— Меня зовут Нина, — сказала я.

— Я знаю.

— Ты можешь звать меня Нина.

— Я буду звать тебя Ниной тоже.

— Вместо Герцогини.

Макс убрал молоко в холодильник, подошел ко мне, взял мешок с сахаром и посмотрел на меня, прежде чем вернуться к овсянке.

— Тебе требуется молочник, чтобы попить кофе. Ты определенно Герцогиня.

Я решила не обращать внимания. Через полчаса он никак не будет меня называть, потому что я буду в машине на дороге в Денвер.

— Неважно, — пробормотала я и глотнула кофе.

Потом я стала смотреть, как он кладет сахар в овсянку. Одна ложка. Две. Три. Четыре.

— Это для меня? — поспешно спросила я, когда он собрался положить пятую ложку.

Макс повернулся и посмотрел на меня:

— Да.

Он готовил для меня овсянку, и я не хотела выглядеть неблагодарной, так что сказала:

— Э, думаю, четырех ложек достаточно.

Мне бы хватило двух, а если честно, то и одной ложки, но я согласна на четыре.

— Как прикажешь, — весело ответил он.

На это я тоже решила не обращать внимания.

Макс поставил овсянку в микроволновку и вернулся к сковороде. Он ловко перевернул яйца, вытащил вилкой бекон и, не промокнув жир, положил его на тарелку, которую я раньше не заметила. На тарелке уже лежали два тоста с маслом и виноградным джемом.

Не успев остановить себя, я тоскливо проговорила:

— Я так скучаю по виноградному джему.

Макс повернул голову ко мне, и на его лице застыло такое выражение, словно я одновременно и забавляла его, и немного смутила.

— Ты скучаешь по виноградному джему?

Я сделала глоток клюквенного сока, взглянула на микроволновку, но ничего не ответила. Разговоры с Максом требовали сосредоточенности и отнимали много сил, а в данный момент у меня не осталось ни того, ни другого. Все это странно. Он вел себя так, словно я жила здесь целый год и мы были близкими друзьями. Как будто это не он два дня назад практически выгнал меня из своего дома. Как будто я ему нравлюсь.

Вы же не станете поддразнивать человека, который вам не нравится. По крайней мере так говорила мне мама много лет назад, когда я возвращалась домой и жаловалась на мальчишек, которые меня дразнили. Она говорила, что мальчики дразнят девочек, которые им нравятся. А если уж жизнь чему меня и научила, так это тому, что моя мама редко — если вообще когда-нибудь — ошибается.
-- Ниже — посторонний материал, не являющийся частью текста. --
(* Let $Y$ be a Hausdorff space and $g:[0,1]\to Y$ a continuous surjection. The following are equivalent: (a) $g$ is arcwise increasing; (b) $g$ is hereditarily irreducible; (c) $g$ is strongly irreducible; (d) $g$ is almost injective.
   Context: For a continuous map $g:X\to Y$ between continua: $g$ is almost injective if $\{x: g^{-1}(g(x))=\{x\}\}$ is dense in $X$; irreducible if $g(K)\subsetneq g(X)$ for every proper subcontinuum $K\subsetneq X$; hereditarily irreducible if $g(A)\subsetneq g(B)$ for all subcontinua $A\subsetneq B$ of $X$; strongly irreducible if $g(A)\subsetneq g(X)$ for every closed $A\subsetneq X$; arcwise increasing if $g(A)\subsetneq g(B)$ for all arcs $A\subsetneq B$ in $X$. *)

From Stdlib Require Import Reals List.
Open Scope R_scope.

Definition subset {X : Type} (A B : X -> Prop) : Prop := forall x, A x -> B x.
Definition psubset {X : Type} (A B : X -> Prop) : Prop :=
  subset A B /\ exists x, B x /\ ~ A x.
Definition image {X Y : Type} (f : X -> Y) (A : X -> Prop) : Y -> Prop :=
  fun y => exists x, A x /\ f x = y.
Definition fullset {X : Type} : X -> Prop := fun _ => True.

Definition is_topology {X : Type} (op : (X -> Prop) -> Prop) : Prop :=
  op (fun _ => True) /\
  (forall U V, op U -> op V -> op (fun x => U x /\ V x)) /\
  (forall F : (X -> Prop) -> Prop, (forall U, F U -> op U) ->
     op (fun x => exists U, F U /\ U x)).

Definition Hausdorff {X : Type} (op : (X -> Prop) -> Prop) : Prop :=
  forall x y, x <> y -> exists U V, op U /\ op V /\ U x /\ V y /\
    (forall z, ~ (U z /\ V z)).

Definition continuous {X Y : Type} (opX : (X -> Prop) -> Prop)
  (opY : (Y -> Prop) -> Prop) (f : X -> Y) : Prop :=
  forall V, opY V -> opX (fun x => V (f x)).

Definition closed {X : Type} (op : (X -> Prop) -> Prop) (A : X -> Prop) : Prop :=
  op (fun x => ~ A x).

Definition dense {X : Type} (op : (X -> Prop) -> Prop) (D : X -> Prop) : Prop :=
  forall U, op U -> (exists x, U x) -> exists x, U x /\ D x.

Definition compact {X : Type} (op : (X -> Prop) -> Prop) (A : X -> Prop) : Prop :=
  forall F : (X -> Prop) -> Prop, (forall U, F U -> op U) ->
    subset A (fun x => exists U, F U /\ U x) ->
    exists l : list (X -> Prop), (forall U, In U l -> F U) /\
      subset A (fun x => exists U, In U l /\ U x).

Definition connected {X : Type} (op : (X -> Prop) -> Prop) (A : X -> Prop) : Prop :=
  ~ exists U V, op U /\ op V /\ subset A (fun x => U x \/ V x) /\
      (forall x, A x -> U x -> V x -> False) /\
      (exists x, A x /\ U x) /\ (exists x, A x /\ V x).

Definition subcontinuum {X : Type} (op : (X -> Prop) -> Prop) (A : X -> Prop) : Prop :=
  (exists x, A x) /\ compact op A /\ connected op A.

Definition I01 : Type := { x : R | 0 <= x <= 1 }.
Definition I01_open (U : I01 -> Prop) : Prop :=
  forall x, U x -> exists eps, eps > 0 /\
    forall y : I01, Rabs (proj1_sig y - proj1_sig x) < eps -> U y.
(* All points $\mathbf{p}_\sigma^{(\delta)}$, for $\sigma\in\{-1,1\}^d$ with $\sigma_{d-1}=\sigma_d=1$ and $\delta=1/L>0$ sufficiently small, are pairwise distinct, and so are all the points $\mathbf{q}_\sigma$.
   Context: Fix $\epsilon,\gamma$ with $0<4\gamma<\epsilon<\frac12$. The Goldfarb cube $\mathrm{Gol}_d\subseteq\mathbb{R}^d$ is the set of $\mathbf{x}$ with $-z_1\le x_1\le z_1:=1$, $-z_2\le x_2\le z_2:=1-\epsilon-\epsilon x_1$, $-z_k\le x_k\le z_k:=1-\epsilon+\epsilon\gamma-\epsilon(x_{k-1}-\gamma x_{k-2})$ ($3\le k\le d$); its vertices are $\mathbf{v}_\sigma$, $\sigma\in\{-1,1\}^d$ (the vertex where, for each $k$, the upper inequality is tight if $\sigma_k=1$ and the lower one if $\sigma_k=-1$), with $\mathrm{sign}(v_{\sigma,k})=\sigma_k$. The dual Goldfarb cube is $\mathrm{Gol}^{\triangle}_d=\bigcap_{\tau}\{\mathbf{x}:\mathbf{v}_\tau^T\mathbf{x}\le1\}$. Let $\mathcal{S}:=\{\mathbf{x}\in\mathbb{R}^d: x_1=\ldots=x_{d-2}=0\}$. For $\mathbf{x}$ and $L\ge0$, $\mathbf{x}(L):=(Lx_1,\ldots,Lx_{d-2},x_{d-1},x_d)$, $\mathcal{P}(L):=\{\mathbf{x}(L):\mathbf{x}\in\mathcal{P}\}$; with $\delta=1/L$, $\mathrm{Gol}^{\triangle}_d(L)=\bigcap_\tau\{\mathbf{x}:\mathbf{v}_\tau(\delta)^T\mathbf{x}\le1\}$. For each $\sigma$ there is $\mathbf{p}_\sigma\in\mathcal{S}\cap\mathrm{Gol}^{\triangle}_d$ with $\mathbf{p}_\sigma^T\mathbf{v}_\sigma=1$, $\mathbf{p}_\sigma^T\mathbf{v}_\tau<1$ ($\tau\ne\sigma$). Let $\mathcal{L}:=\{(0,\ldots,0,2,y)^T:y\in\mathbb{R}\}$. Define $\mathbf{q}_\sigma:=\mathbf{p}_\sigma-C\,\mathbf{v}_\sigma(0)/\|\mathbf{v}_\sigma(0)\|^2$ with $C<0$ chosen so that $q_{\sigma,d-1}=2$, and $\mathbf{p}_\sigma^{(\delta)}:=C\,\mathbf{v}_\sigma(\delta)/\|\mathbf{v}_\sigma(\delta)\|^2+\mathbf{q}_\sigma$ (projection of $\mathbf{q}_\sigma$ onto $\mathbf{v}_\sigma(\delta)^T\mathbf{x}=1$). Known result used: for $\sigma_{d-1}=\sigma_d=1$ and $\delta$ small, (i) $\mathbf{v}_\sigma(\delta)^T\mathbf{p}_\sigma^{(\delta)}=1$ and $\mathbf{v}_\tau(\delta)^T\mathbf{p}_\sigma^{(\delta)}<1$ for $\tau\ne\sigma$; (ii) $(\mathbf{p}_\sigma^{(\delta)},\mathbf{q}_\sigma)$ is the unique pair minimizing $\|\mathbf{x}-\mathbf{x}'\|$ over $\mathbf{x}\in\mathrm{Gol}^{\triangle}_d(L)$, $\mathbf{x}'\in\mathcal{L}$, $x'_d\ge q_{\sigma,d}$. *)

(* Points of R^d are row vectors 'rV[R]_d; coordinates are
   0-based, so the paper's x_k is x 0 (k-1). Sign vectors sigma in {-1,1}^d
   are {ffun 'I_d -> bool} (true = +1, false = -1). *)
From HB Require Import structures.
From mathcomp Require Import all_boot all_order all_algebra.
From mathcomp Require Import reals.
Set Implicit Arguments. Unset Strict Implicit. Unset Printing Implicit Defensive.
Import Order.TTheory GRing.Theory Num.Theory.
Local Open Scope ring_scope.

Section Goldfarb.
Variables (R : realType) (d : nat) (eps gam : R).

Definition sgnb (b : bool) : R := if b then 1 else -1.

Definition sgn_at (sigma : {ffun 'I_d -> bool}) (k : nat) : R :=
  if insub k is Some i then sgnb (sigma i) else 1.

(* vpair s n = (x_n, x_{n+1}) (0-based) for the vertex where, for each k,
   x_k = s_k * z_k(x), i.e. the upper inequality is tight if s_k = 1 and the
   lower one if s_k = -1:
     x_0 = s_0 * 1,  x_1 = s_1 (1 - eps - eps x_0),
     x_{k+2} = s_{k+2} (1 - eps + eps gam - eps (x_{k+1} - gam x_k)). *)
Fixpoint vpair (s : nat -> R) (n : nat) : R * R :=
  match n with
  | 0 => (s 0%N, s 1%N * (1 - eps - eps * s 0%N))
  | n'.+1 => let: (a, b) := vpair s n' in
             (b, s n'.+2 * (1 - eps + eps * gam - eps * (b - gam * a)))
  end.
Макс тоже решил не настаивать на ответе и вместо этого переложил яичницу на тарелку, выключил конфорку, передвинул сковородку на другую и подошел ко мне. Держа тарелку на весу, он принялся за еду.

— Сегодня тебе нужно отдохнуть, — сказал он.

— Да, — согласилась я. Я буду отдыхать, но только когда найду гостиницу в Денвере.

Расправившись с беконом, Макс загадочно произнес:

— Наверху в стену между спальней и ванной встроен телевизор. Тебе надо только раздвинуть двери. Тоже самое под ним, чтобы добраться до DVD. Там же есть диски. Пульты управления лежат на тумбочке около кровати.

Он наколол на вилку кусок яичницы, а я уставилась на него:

— Извини?

— Если захочешь воспользоваться компьютером, то пароль «Шауна444».

— Э-м-м… — пробормотала я и повторила: — Извини?

Запищала микроволновка. Макс поставил тарелку и повернулся к ней, говоря:

— Через «у».

Ничего не понимаю.

— Через «у»?

Он открыл микроволновку, достал из нее миску, подошел ко мне, достал из выдвижного ящика ложку, сунул ее в миску и поставил миску передо мной.

— Шауна. Через «у». Ш-а-у-н-а. И 444. Без пробела.

— Но…

— Компьютер стоит на бюро, — продолжил он, снова взяв тарелку и подняв ломтик бекона. Но прежде чем он откусил, его взгляд уперся в окно позади меня.

— Макс, я думаю…

— Ты накупила еды на целую армию. Найдешь что-нибудь на обед.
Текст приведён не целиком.